Take and share screenshots of useful info the customer is showing you. Make sure you're not sharing anything sensitive. Let the customer know that you're doing that. "Could you pause there? I'm gonna screenshot this little bit and share it with my team".

Ask for help when needed

Rest assured that escalation is okay, and that other GitLabbers are happy to help. The care of the customers is a shared responsibility. Tag the support team if you haven't started getting help in your Slack thread. Tag the support managers if you need to escalate further.

If another support engineer joins your emergency call, feel free to assign them a role to divide up the labor.

So and so would you please (take notes, reach out to this product team and ask for help, look up the code for this and see what you can find)?

Take care of yourself

Make an effort to actively de-stress during your on-call shift. After being on-call you should consider taking time off, as noted in the main handbook. Being available for issues and outages will wear on you even if there were no pages. Resting is critical for proper functioning. Just let your team know.

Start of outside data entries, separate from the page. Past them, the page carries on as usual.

(* (i) If the communicated systems are qubits composed according to quantum theory (i.e. $k$ qubits form the quantum system on $(\mathbb{C}^2)^{\otimes k}$), then the game $\mathcal{P}_D^{[12]}$ cannot be won perfectly with $3$ qubits but can be won perfectly with $4$ qubits; hence $4$ qubits of communication are required. (ii) In the $SEP$ composition $\mathbb{C}^2\otimes_{\min}\mathbb{C}^2$ of two qubits, the twelve product states $$\mathcal{A}=\{|\kappa\kappa\rangle,\ |\kappa\bar\kappa\rangle,\ |\bar\kappa\kappa\rangle,\ |\bar\kappa\bar\kappa\rangle\}_{\kappa\in\{x,y,z\}}$$ (as density operators) are pairwise distinguishable; consequently two $SEP$-bits suffice to win $\mathcal{P}_D^{[12]}$ perfectly.
   Context: A quantum system on Hilbert space $\mathcal{H}$ has states the density operators on $\mathcal{H}$ and measurements the POVMs. $SEP$ composition of $m$ qubits ($m$ ''$SEP$-bits''; for $m=2$ written $\mathbb{C}^2\otimes_{\min}\mathbb{C}^2$): the state cone is the set of finite sums of tensor products $\pi_1\otimes\cdots\otimes\pi_m$ of positive semidefinite operators on $\mathbb{C}^2$; normalized states are the fully separable density operators on $(\mathbb{C}^2)^{\otimes m}$; the effect cone is its dual $\{Y \text{ Hermitian}: \operatorname{Tr}(XY)\ge 0 \text{ for all } X \text{ in the state cone}\}$; a measurement is a finite family of elements of the dual cone summing to the identity, with outcome probabilities $\operatorname{Tr}(E_i\rho)$. A set of states $\{\omega_i\}$ is pairwise distinguishable if for every $i\neq j$ there is a two-outcome measurement $\{E,\mathbf 1-E\}$ with $\operatorname{Tr}(E\omega_i)=1$, $\operatorname{Tr}(E\omega_j)=0$. Here $|\alpha\beta\rangle=|\alpha\rangle\otimes|\beta\rangle$ and $|\kappa\rangle$ ($|\bar\kappa\rangle$) is the eigenvector of the Pauli operator $\sigma_\kappa$ with eigenvalue $+1$ ($-1$). The game $\mathcal{P}_D^{[n]}$: a referee gives Alice a message $\eta$ from a set $\mathcal{N}$, $|\mathcal{N}|=n$, and asks Bob whether Alice's message was $\eta$ or $\eta'$ for some $\eta'\neq\eta$; Alice and Bob share no correlations, Alice encodes $\eta$ into a state $\omega_\eta$ of the communicated system and sends it to Bob, who for each unordered pair $\{\eta,\eta'\}$ performs a measurement whose outcome is his answer; perfect winning means Bob answers correctly with probability $1$ for every $\eta$ and every $\eta'\neq\eta$. *)

(* complex matrices over an arbitrary numClosedFieldType C
   (an algebraically closed field with conjugation, e.g. C = R[i]). *)
From HB Require Import structures.
From mathcomp Require Import all_boot all_order all_algebra.
From mathcomp Require Import mxtens.
Set Implicit Arguments. Unset Strict Implicit. Unset Printing Implicit Defensive.
Import Order.TTheory GRing.Theory Num.Theory.
Local Open Scope ring_scope.

Section QDefs.
Variable C : numClosedFieldType.

Definition hadj m n (A : 'M[C]_(m, n)) : 'M[C]_(n, m) := (map_mx Num.conj A)^T.

Definition hermitian n (A : 'M[C]_n) : Prop := hadj A = A.

Definition psd n (A : 'M[C]_n) : Prop :=
  hermitian A /\ forall v : 'cV[C]_n, 0 <= (hadj v *m A *m v) 0 0.

Definition density n (A : 'M[C]_n) : Prop := psd A /\ \tr A = 1.

Definition prob n (E rho : 'M[C]_n) : C := \tr (E *m rho).

Definition q_state d (A : 'M[C]_d) : Prop := density A.
Definition q_effect d (A : 'M[C]_d) : Prop := psd A.
Definition total_rate (d : nat) (delta mu : R) (xi : config) (L : list vertex) : R :=
  fold_right (fun m acc => fst m + acc) 0 (moves d delta mu xi L).

Definition has_one (xi : config) (L : list vertex) : bool :=
  existsb (fun x => is_one (xi x)) L.

(** surv_n d delta mu n xi L = probability that, for the process started at xi,
    the set {x : xi_t(x) = 1} is non-empty at the initial time and after each of
    the first n jumps (computed through the embedded jump chain, which moves
    from xi to xi' with probability rate/total_rate). *)
Fixpoint surv_n (d : nat) (delta mu : R) (n : nat) (xi : config) (L : list vertex) : R :=
  if has_one xi L then
    match n with
    | O => 1
    | S n' =>
        fold_right
          (fun m acc => fst m / total_rate d delta mu xi L
                          * surv_n d delta mu n' (fst (snd m)) (snd (snd m)) + acc)
          0 (moves d delta mu xi L)
    end
  else 0.

From Stdlib Require Import Reals List.
From Stdlib Require Import Lra Lia Classical ClassicalEpsilon FinFun.
Import ListNotations.
Open Scope R_scope.

(* Call a neighbour [v] of a type-1 site [u] a free direction of [u] if
   everything beyond the edge [u v] is vacant, and let [F] count the free
   directions of all type-1 sites.  A birth from [u] in a free direction creates
   a type-1 site with [d - 1] free directions and costs [u] only one, so [F]
   grows by at least [d - 2 >= 1]; no other birth decreases [F].  A death or
   mutation at [u], of total rate [delta + mu], decreases [F] by at most the
   number [g <= d] of free directions of [u], into which [u] gives birth at
   total rate [g].  Comparing [(delta + mu) (2^g - 1)] with [g / 2] shows that
   [2^-F] is superharmonic for the jump chain once [(delta + mu) 2^d <= 1/2].
   As [F = 0] once type 1 has died out, the survival probability is at least
   [1 - 2^-F]; a lone type-1 site has [F >= 1], and from any finite
   configuration all other sites die first with positive probability. *)

Definition in_subtree (s z : vertex) : Prop := exists w, z = w ++ s.

Lemma in_subtree_refl s : in_subtree s s.
Proof. exists []. reflexivity. Qed.

Lemma in_subtree_length s z : in_subtree s z -> (length s <= length z)%nat.
Proof. intros [w ->]. rewrite length_app. lia. Qed.
Lemma horizon_late_pair : horizon (late_pair n a b) = 2.
Proof.
  unfold horizon, late_pair. rewrite map_map. simpl. apply Rle_antisym.
  - apply fold_right_Rmax_lub; [lra|]. intros x Hx. apply in_map_iff in Hx as [k [<- _]].
    destruct (orb _ _); lra.
  - apply fold_right_Rmax_ge. apply in_map_iff. exists a.
    rewrite Nat.eqb_refl. split; [reflexivity | apply in_seq; lia].
Qed.

Lemma cumdist_late_pair (X : nat -> R) :
  cumdist (late_pair n a b) X = dmin (late_pair n a b) X (1/2) + dmin (late_pair n a b) X (3/2).
Proof.
  unfold cumdist. rewrite horizon_late_pair.
  rewrite (RInt_two_steps _ 0 1 2 (dmin (late_pair n a b) X (1/2)) (dmin (late_pair n a b) X (3/2)));
    [ring | lra | |]; intros t Ht; apply dmin_ext; intro k.
  - rewrite !presentb_late_pair_early by lra. reflexivity.
  - rewrite !presentb_late_pair_late by lra. reflexivity.
Qed.

Hypotheses (b_lt_n : (b < n)%nat) (a_neq_b : a <> b).

Lemma cumdist_late_pair_le (X : nat -> R) :
  cumdist (late_pair n a b) X <= 2 * Rabs (X a - X b).
Proof.
  assert (Present : forall t k, 0 < t <= 2 -> (k = a \/ k = b) -> presentb (late_pair n a b) t k = true).
  { intros t k Ht Hk. assert (Hkn : (k <? n)%nat = true) by (apply Nat.ltb_lt; lia).
    destruct (Rle_lt_dec t 1).
    - rewrite presentb_late_pair_early by lra. assumption.
    - rewrite presentb_late_pair_late, Hkn by lra.
      destruct Hk as [-> | ->]; rewrite Nat.eqb_refl; [|rewrite Bool.orb_true_r]; reflexivity. }
  rewrite cumdist_late_pair.
  assert (Hlen : length (late_pair n a b) = n) by apply length_late_pair.
  pose proof (dmin_le_dist (late_pair n a b) X (1/2) a b ltac:(lia) ltac:(lia) a_neq_b
    (Present (1/2) a ltac:(lra) (or_introl eq_refl)) (Present (1/2) b ltac:(lra) (or_intror eq_refl))).
  pose proof (dmin_le_dist (late_pair n a b) X (3/2) a b ltac:(lia) ltac:(lia) a_neq_b
    (Present (3/2) a ltac:(lra) (or_introl eq_refl)) (Present (3/2) b ltac:(lra) (or_intror eq_refl))).
  lra.
Qed.

(* Offline, [a] and [b] sit at 1/3 and 2/3: once the others have left they
   are 1/3 apart from each other and from the boundary. *)
Lemma OPT_C_late_pair_ge : Rbar_le (Finite (1/3)) (OPT_C (late_pair n a b)).
Proof.
  set (Xo := fun k => if (k =? a)%nat then 1/3 else if (k =? b)%nat then 2/3 else 0).
  assert (HXo : forall k, presentb (late_pair n a b) (3/2) k = true ->
                  Xo k = 1/3 /\ k = a \/ Xo k = 2/3 /\ k = b).
  { intros k Hk. rewrite presentb_late_pair_late in Hk by lra.
    apply andb_prop in Hk as [_ Hk]. unfold Xo.
    destruct (Nat.eqb_spec k a); [left; auto|].
    destruct (Nat.eqb_spec k b); [right; auto | discriminate]. }
  assert (Hopt : 1/3 <= cumdist (late_pair n a b) Xo).
  { rewrite cumdist_late_pair.
    pose proof (dmin_nonneg (late_pair n a b) Xo (1/2)).
    enough (1/3 <= dmin (late_pair n a b) Xo (3/2)) by lra.
    apply (dmin_ge _ _ _ _ a).
    - rewrite length_late_pair. assumption.
    - rewrite presentb_late_pair_late, Nat.eqb_refl by lra.
      apply Nat.ltb_lt in a_lt_n as ->. reflexivity.
    - intros i _ Pi. unfold dis_bd.
      destruct (HXo i Pi) as [[-> _]|[-> _]]; apply Rmin_glb; unfold Rabs;
        destruct Rcase_abs; lra.
    - intros i j _ _ Hij Pi Pj.
      destruct (HXo i Pi) as [[-> ?]|[-> ?]]; destruct (HXo j Pj) as [[-> ?]|[-> ?]];
        try lia; unfold Rabs; destruct Rcase_abs; lra. }
  apply Rbar_le_trans with (Finite (cumdist (late_pair n a b) Xo)); [exact Hopt|].
  apply (proj1 (Lub_Rbar_correct _)). exists Xo. split; [|reflexivity].
  intros k _. unfold Xo. destruct (k =? a)%nat; [|destruct (k =? b)%nat]; lra.
Qed.
Lemma partial_layers_le_layers K p : partial_layers K p <= layers p.
Proof.
exact: nondecreasing_cvgn_le (@partial_layers_nondecreasing p) (@partial_layers_cvg p) K.
Qed.

Lemma sum_layers_le n (xs : 'I_n -> cube L) K K' : admissible xs -> (K <= K')%nat ->
  \sum_(i < n) \sum_(K <= k < K') layer k (xs i) <= t K - t K'.
Proof.
move=> adm KK'; rewrite exchange_big -sum_gap //=; apply: ler_sum => k _.
apply: le_trans (_ : \sum_(i < n) gap k * `|delta (initial_segment (N k)) (xs i)| <= _).
  by apply: ler_sum => i _; apply: layer_le.
by rewrite -mulr_sumr ler_piMr ?gap_ge0 //; apply: adm.
Qed.

Lemma sum_layers_tail_le n (xs : 'I_n -> cube L) K : admissible xs ->
  \sum_(i < n) `|layers (xs i) - partial_layers K (xs i)| <= t K.
Proof.
move=> adm; under eq_bigr do rewrite ger0_norm ?subr_ge0 ?partial_layers_le_layers //.
pose tail K' := \sum_(i < n) (partial_layers K' (xs i) - partial_layers K (xs i)).
have tail_cvg : tail @ \oo --> \sum_(i < n) (layers (xs i) - partial_layers K (xs i)).
  apply: cvg_big => //; first exact: (@pseudometric_normed_Zmodule.add_continuous R R^o).
  move=> i _; exact: (@cvgB _ R^o _ _ _ _ (fun=> partial_layers K (xs i)) _ _
    (@partial_layers_cvg (xs i)) (cvg_cst _)).
rewrite -(cvg_lim (@Rhausdorff R) tail_cvg); apply: limr_le; first exact: cvgP tail_cvg.
apply: filterS (nbhs_infty_ge K) => K' KK'; rewrite /tail.
under eq_bigr do rewrite (partial_layersE _ KK') addrAC subrr add0r.
by apply: le_trans (sum_layers_le adm KK') _; rewrite lerBlDr lerDl.
Qed.

Lemma FBL_layer k : FBL (layer k).
Proof.
apply: FBL_max; first exact: FBL0 (singleton 0).
apply: FBL_min; last exact: FBLZ (FBL_delta _).
apply: (@FBL_sum _ (singleton 0) (fun m p => (c m - t k.+1) * delta (singleton m) p)) => m.
exact: FBLZ (FBL_delta _).
Qed.

Lemma FBL_layers : FBL layers.
Proof.
apply: (FBL_lim (u := partial_layers)) => [K||e e0].
- exact: (@FBL_sum _ (singleton 0) layer K FBL_layer).
- apply/HfinP; exists (t 0) => n xs /(sum_layers_tail_le 0).
  by under eq_bigr do rewrite partial_layers0 subr0.
- move/c0P/(_ _ e0): t_c0; apply: filterS => K tK; apply: fblnorm_le => n xs adm.
  under eq_bigr do rewrite distrC.
  by apply: le_trans (sum_layers_tail_le K adm) _; apply/ltW/(le_lt_trans (ler_norm _)).
Qed.

Lemma Phi_layers : Phi layers = c.
Proof.
apply/funext => n; apply: (cvg_lim (@Rhausdorff R)).
under eq_fun do rewrite partial_layers_xstar.
apply/cvgrPdist_lt => e e0; move/c0P/(_ _ e0): t_c0; apply: filterS => K tK.
rewrite opprB addrC subrK ger0_norm ?le_min ?c_ge0 ?t_ge0 //.
by apply: le_lt_trans tK; rewrite ge_min ler_norm orbT.
Qed.

End NonnegativePreimage.

Lemma Phi_surjective_nonneg (c : nat -> R) : c0 c -> (forall n, 0 <= c n) ->
  exists2 f, FBL f & Phi f = c.
Proof.
move=> c0c c_ge0; have [M M0 cM] := c0_bounded c0c.
pose t k := M * harmonic k.
have t_gt0 k : 0 < t k by rewrite mulr_gt0 // harmonic_gt0.
have t_ge0 k : 0 <= t k by apply: ltW.
have t_noninc k : t k.+1 <= t k by rewrite ler_pM2l // lef_pV2 ?ler_nat ?posrE ?ltr0n.
have c_le_t0 n : c n <= t 0 by rewrite /t /= invr1 mulr1; apply: le_trans (ler_norm _) (cM n).
have t_c0 : c0 t.
  apply: (c0_dom M0 cvg_harmonic cvg_harmonic) => k.
  by rewrite normrM (gtr0_norm M0) ler_pM2l // lerDl.
have /choice[N c_le_tail] k : exists Nk : nat, forall n, (Nk < n)%nat -> c n <= t k.+1.
  move/c0P/(_ _ (t_gt0 k.+1)): c0c => [Nk _ cNk].
  by exists Nk => n /ltnW /cNk /(le_lt_trans (ler_norm _)) /ltW.
by exists (layers c t N); [apply: FBL_layers | apply: Phi_layers].
Qed.

Lemma Phi_surjective (c : nat -> R) : c0 c -> exists2 f, FBL f & Phi f = c.
Proof.
move=> c0c.
have c0_part (s : R) : c0 (fun n => Num.max (s * c n) 0).
  apply: (@c0_dom c c _ (`|s| + 1)) => // [|n]; first by rewrite ltr_wpDl.
  apply: le_trans (norm_max_le _ _) _; rewrite normr0 addr0 normrM.
  by rewrite ler_pM ?normr_ge0 ?lerDl ?lerDl.
have part_ge0 (s : R) n : 0 <= Num.max (s * c n) 0 by rewrite le_max lexx orbT.
have [f1 F1 Phi_f1] := Phi_surjective_nonneg (c0_part 1) (part_ge0 1).
have [f2 F2 Phi_f2] := Phi_surjective_nonneg (c0_part (-1)) (part_ge0 (-1)).
exists (f1 \+ (fun p => -1 * f2 p)); first exact: FBLD F1 (FBLZ (-1) F2).
apply/funext => n; rewrite /Phi /= -/(Phi f1 n) -/(Phi f2 n) Phi_f1 Phi_f2 !mul1r !mulN1r.
by case: (lerP (c n) 0); case: (lerP (- c n) 0); lra.
Qed.

Theorem mainTheorem4 :
  (forall B : L, Phi (delta B) = \sum_(i \in sval B) unitv i) /\
  (forall f, FBL f -> c0 (Phi f)) /\
  lattice_hom_on (@FBL L) Phi /\
  (forall c : nat -> R, c0 c -> exists2 f, FBL f & Phi f = c).
Proof.
split; first exact: Phi_delta.
split; first exact: FBL_Phi_c0.
split; [exact: Phi_lattice_hom | exact: Phi_surjective].
Qed.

When you're in a call, don't feel too much pressure to have immediate answers. You're allowed to pause for a few minutes for researching, asking for help, etc. A five minute reply is still much better than waiting for SLA email replies. Make sure to communicate and let the customer know what you're doing. Example: "I'm gonna take a few minutes to work through the code here and make sense of it".

How it works

Schedule

We do 7 days of 8-hour shifts in a follow-the-sun style, based on your location.

You can view the schedule and the escalation policy on PagerDuty. You can also opt to subscribe to your on-call schedule, which is updated daily.

Swapping On-Call Duty

To swap on-call duty with a fellow support engineer:

Starting on-call

Please double-check that your alerts are working. You can send a test page to make sure that you're being alerted appropriately.

When your on-call shift starts, you should get some sort of notification(s) that your shift is starting.

PagerDuty Alerts

  1. When an emergency is triggered, you'll receive an alert from PD. This will probably be a text, phone call, email, Slack message, and/or boot to the head (depending on your notification preferences).
  2. Acknowledge the alert in PagerDuty or Slack. This means that you are handling the emergency and are starting to look into it. After 10 minutes, if the alert has not been acknowledged, everyone on the customer on-call rotation is alerted. After a further 5 minutes, management is alerted.
  3. Compare the customer's problem statement with our definitions of support impact. If you don't think that this is an actual emergency, then ask for a second opinion and kindly let the customer know if that's the decision we make.
  4. If the situation is actually an emergency, then please reply to the customer and offer a Zoom call.
  5. Click "resolve" after you've replied to the customer. This means that you are actively handling the emergency now and will see it through.
  6. Start a thread in #support_self-managed with the ticket link. "Thread for emergency ticket LINK HERE".

  7. After 30 minutes, if the customer has not responded to our initial contact with them, let them know that the emergency ticket will be closed and that you are opening a normal priority ticket on their behalf. Also let them know that they are welcome to open a new emergency ticket if necessary.